Cousins get transplant go-ahead

  • 16 July 2012
  • From the section Devon
John Williamson and Andy Williamson
Image caption John Williamson, left, will fly to the UK to donate to Andy Williamson

A man who has polycystic kidney disease has been told he can receive a kidney from his US cousin.

Andy Williamson, 44, who lives in Ashburton, Devon, has to have dialysis every day after a donated kidney failed in 2011.

His cousin John Williamson, from Michigan, US, offered to give him one of his kidneys after learning about his plight through updates on the social networking site Facebook.

The 41-year-old recently came to England for tests, which took place at Southmead Hospital in Bristol, and now the pair have been told the transplant can go ahead.

'Tip-top' kidney

Andy Williamson said: "It's fantastic news, I'm really happy.

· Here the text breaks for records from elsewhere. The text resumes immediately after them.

(* Let $p$ be a prime, let $n,d\in\mathbb{Z}_{\ge1}$ and let $\tilde R\in\mathbb{P}^d(\mathbb{Z}/p^n\mathbb{Z})$. Let $v=(r_0,\dots,r_d)\in\mathbb{Z}^{d+1}\setminus\{0\}$ be primitive, i.e. $\gcd(r_0,\dots,r_d)=1$, such that $R=(r_0:\dots:r_d)\in\mathbb{P}^d(\mathbb{Q})$ reduces to $\tilde R$ modulo $p^n$. Then the lattice $L\subset\mathbb{Z}^{d+1}$ generated by $\{v\}\cup\{p^ne_i:0\le i\le d\}$ contains every vector $w\in\mathbb{Z}^{d+1}\setminus\{0\}$ such that the corresponding point of $\mathbb{P}^d(\mathbb{Q})$ reduces modulo $p^n$ to $\tilde R$. Moreover, if $u=a_0v+p^n(a_1e_0+a_2e_1+\cdots+a_{d+1}e_d)\in L$ with $a_0,\dots,a_{d+1}\in\mathbb{Z}$ and $p\nmid a_0$, then the point of $\mathbb{P}^d(\mathbb{Q})$ with coordinate vector $u$ reduces modulo $p^n$ to $\tilde R$.
   Context: $e_0,\dots,e_d$ is the standard basis of $\mathbb{Z}^{d+1}$. The reduction of a point of $\mathbb{P}^d(\mathbb{Q})$ modulo $p^n$ is obtained by reducing a primitive integer coordinate vector modulo $p^n$. *)

From mathcomp Require Import all_boot all_order all_algebra.
Set Implicit Arguments. Unset Strict Implicit. Unset Printing Implicit Defensive.
Import Order.TTheory GRing.Theory Num.Theory.
Local Open Scope ring_scope.

Definition vgcd (d : nat) (x : 'I_d.+1 -> int) : nat :=
  \big[gcdn/0%N]_(i < d.+1) `|x i|%N.

Definition primitive (d : nat) (x : 'I_d.+1 -> int) : Prop := vgcd x = 1%N.

(* the primitive integer coordinate vector of the point (x_0 : ... : x_d),
   x nonzero (determined up to sign) *)
Definition prim_part (d : nat) (x : 'I_d.+1 -> int) : 'I_d.+1 -> int :=
  fun i => (x i %/ (vgcd x)%:Z)%Z.

(* A representative of a point of P^d(Z/p^nZ): an integer vector whose
   reduction mod p^n has some unit coordinate (i.e. not divisible by p). *)
Definition proj_rep (p n d : nat) (rt : 'I_d.+1 -> int) : Prop :=
  exists i : 'I_d.+1, ~~ (p%:Z %| rt i)%Z.

(* two vectors mod p^n define the same point of P^d(Z/p^nZ):
   they differ by a unit of Z/p^nZ *)
Definition proj_eq_mod (p n d : nat) (x y : 'I_d.+1 -> int) : Prop :=
  exists lam : int, ~~ (p%:Z %| lam)%Z /\
    forall i : 'I_d.+1, (x i == lam * y i %[mod (p ^ n)%:Z])%Z.

(* the point of P^d(Q) with coordinate vector x (nonzero) reduces modulo p^n
   to the point of P^d(Z/p^nZ) represented by rt: reduce the primitive
   integer coordinate vector of the point modulo p^n *)
Definition reduces_to (p n d : nat) (x rt : 'I_d.+1 -> int) : Prop :=
  proj_eq_mod p n (prim_part x) rt.

Definition in_lattice (p n d : nat) (v w : 'I_d.+1 -> int) : Prop :=
  exists (a0 : int) (a : 'I_d.+1 -> int),
    forall i : 'I_d.+1, w i = a0 * v i + (p ^ n)%:Z * a i.

From mathcomp Require Import all_boot all_order all_algebra.
Import Order.TTheory GRing.Theory Num.Theory.
Local Open Scope ring_scope.

(* Being congruent modulo p^n up to a factor prime to p is an equivalence
   relation, since such factors are invertible modulo p^n.  A vector w
   differs from its primitive part by the factor gcd(w); hence if w reduces
   to the same point as v, then w is congruent to c v modulo p^n for some
   integer c, i.e. w lies in the lattice.  Conversely u = a0 v + p^n a is
   congruent to a0 v, and gcd(u) is prime to p because p cannot divide all
   the coordinates of the primitive vector v; so the primitive part of u is
   congruent to v up to a unit as well. *)

Section CongruenceModPrimePower.

Set Implicit Arguments.
Unset Strict Implicit.

Variables (p n d : nat).
Hypotheses (p_prime : prime p) (n_gt0 : (0 < n)%N).
Local Notation P := (p ^ n)%:Z.
Implicit Types (x y z v w a : 'I_d.+1 -> int) (c : int).

Lemma prime_ndvdz_mul (c c' : int) :
  ~~ (p%:Z %| c)%Z -> ~~ (p%:Z %| c')%Z -> ~~ (p%:Z %| c * c')%Z.
Proof.
by rewrite !dvdzE abszM absz_nat Euclid_dvdM // => /negPf-> /negPf->.
Qed.

Lemma dvdz_vgcd x i : ((vgcd x)%:Z %| x i)%Z.
Proof. by rewrite dvdzE absz_nat (biggcdn_inf i). Qed.

Lemma mul_vgcd_prim_part x i : (vgcd x)%:Z * prim_part x i = x i.
Proof. by rewrite /prim_part mulrC divzK ?dvdz_vgcd. Qed.

Lemma reduces_to_primitive x y :
  primitive x -> reduces_to p n x y -> proj_eq_mod p n x y.
Proof.
move=> x_prim [lam [lam_p xy]]; exists lam; split=> // i.
by move: (xy i); rewrite /prim_part x_prim divz1.
Qed.

Lemma dvdz_prime_pexp : (p%:Z %| P)%Z.
Proof. by rewrite dvdzE !absz_nat dvdn_exp. Qed.

Lemma coprimez_pexp c : ~~ (p%:Z %| c)%Z -> coprimez c P.
Proof.
move=> c_p; rewrite coprimezE absz_nat coprimeXr // coprime_sym.
by rewrite prime_coprime // -(absz_nat p) -dvdzE.
Qed.

Lemma proj_eq_mod_trans x y z :
  proj_eq_mod p n x y -> proj_eq_mod p n y z -> proj_eq_mod p n x z.
Proof.
move=> [lam [lam_p xy]] [mu [mu_p yz]]; exists (lam * mu).
split=> [|i]; first exact: prime_ndvdz_mul.
by apply/eqP; rewrite (eqP (xy i)) -modzMmr (eqP (yz i)) modzMmr mulrA.
Qed.

Lemma proj_eq_mod_sym x y : proj_eq_mod p n x y -> proj_eq_mod p n y x.
Proof.
move=> [lam [lam_p xy]].
have /coprimezP [[u t] /= bezout] := coprimez_pexp lam_p.
have u_p : ~~ (p%:Z %| u)%Z.
  apply/negP => p_u.
  have := rpredD (dvdz_mulr lam p_u) (dvdz_mull t dvdz_prime_pexp).
  by rewrite bezout dvdzE absz_nat dvdn1 gtn_eqF ?prime_gt1.
exists u; split=> // i; apply/eqP.
have -> : y i = (t * y i) * P + u * (lam * y i).
  by rewrite mulrAC mulrA -mulrDl addrC bezout mul1r.
by rewrite modzMDl -[RHS]modzMmr (eqP (xy i)) modzMmr.
Qed.

Lemma in_lattice_of_eqmod c v w :
  (forall i, w i = c * v i %[mod P])%Z -> in_lattice p n v w.
Proof.
move=> wv; exists c, (fun i => (w i - c * v i) %/ P)%Z => i.
rewrite [P * _]mulrC divzK; first by rewrite addrC subrK.
by rewrite -eqz_mod_dvd; apply/eqP.
Qed.

Lemma proj_eq_mod_lattice_vector c v a : ~~ (p%:Z %| c)%Z ->
  proj_eq_mod p n (fun i => c * v i + P * a i) v.
Proof.
by move=> c_p; exists c; split=> // i; apply/eqP; rewrite addrC mulrC modzMDl.
Qed.

Lemma proj_eq_mod_prim_part x :
  ~~ (p%:Z %| (vgcd x)%:Z)%Z -> proj_eq_mod p n (prim_part x) x.
Proof.
move=> gcd_p; apply: proj_eq_mod_sym; exists (vgcd x); split=> // i.
by rewrite mul_vgcd_prim_part.
Qed.

Lemma ndvdz_vgcd_lattice c v a : primitive v -> ~~ (p%:Z %| c)%Z ->
  ~~ (p%:Z %| (vgcd (fun i => c * v i + P * a i))%:Z)%Z.
Proof.
move=> v_prim c_p; apply/negP => p_gcd.
suff : (p %| vgcd v)%N by rewrite v_prim dvdn1 gtn_eqF ?prime_gt1.
apply/dvdn_biggcdP => i _; rewrite -(absz_nat p) -dvdzE.
have p_cv : (p%:Z %| c * v i)%Z.
  have p_ci := dvdz_trans p_gcd (dvdz_vgcd _ i).
  rewrite -[c * v i](addrK (P * a i)) rpredB //.
  exact: dvdz_mulr dvdz_prime_pexp.
by apply: contraLR p_cv; apply: prime_ndvdz_mul.
Qed.

End CongruenceModPrimePower.

Theorem lemma3p11 (p n d : nat) (rt v : 'I_d.+1 -> int) :
  prime p -> (1 <= n)%N -> (1 <= d)%N ->
  proj_rep p n rt ->
  (exists i, v i != 0) -> primitive v -> reduces_to p n v rt ->
  (forall w : 'I_d.+1 -> int, (exists i, w i != 0) ->
     reduces_to p n w rt -> in_lattice p n v w)
  /\
  (forall (a0 : int) (a : 'I_d.+1 -> int), ~~ (p%:Z %| a0)%Z ->
     reduces_to p n (fun i => a0 * v i + (p ^ n)%:Z * a i) rt).
Proof.
move=> p_prime n_gt0 _ _ _ v_prim /(reduces_to_primitive v_prim) v_rt.
have rt_v := proj_eq_mod_sym p_prime n_gt0 v_rt.
split=> [w _ w_rt | a0 a a0_p].
- have [mu [_ wv]] := proj_eq_mod_trans p_prime w_rt rt_v.
  apply: (in_lattice_of_eqmod (c := (vgcd w)%:Z * mu)) => i.
  by rewrite -mul_vgcd_prim_part -mulrA -modzMmr (eqP (wv i)) modzMmr.
- have gcd_p := ndvdz_vgcd_lattice p_prime n_gt0 a v_prim a0_p.
  have lat_v := proj_eq_mod_lattice_vector n v a a0_p.
  have prim_lat := proj_eq_mod_prim_part p_prime n_gt0 gcd_p.
  have lat_rt := proj_eq_mod_trans p_prime lat_v v_rt.
  exact: (proj_eq_mod_trans p_prime prim_lat lat_rt).
Qed.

It turns out that we're a perfect tissue type-match.

"They would still go ahead even if we weren't, but it means it's less complicated for anti-rejection drugs, and also less complicated if I need another transplant one day in the future, it makes things easier.

"John's kidney function is all tip-top. In fact, most of the tests are to make sure that the risk of any long-term consequences for John is extremely low, as far as anyone can tell.

"We're all really excited and his flights are booked for November."

The medical and surgical teams will now get together to work out when the transplant will happen, although it is anticipated to be in November.

NHS payment

Andy Williamson said: "It's a timetabling thing. One of the advantages of living donation is that we have time to be organised, we can be prepared and plan carefully."

His cousin will fly to England for the operation from his home in Grand Rapids, Michigan, and the NHS will reimburse him for some of his costs.

The 44-year-old said: "It's discretionary; it works in different ways in different parts of the country, but yes, the NHS is going to pay for his travel costs and also a certain amount of lost earnings.

"It's a good economy for the NHS, because in the long run it's cheaper for me to have a transplant than to be kept on dialysis, which is anything between £20,000 to £40,000 a year.

"This is more expensive than a transplant which costs about £17,000 for the first year and then a few thousand pounds a year for drugs after that."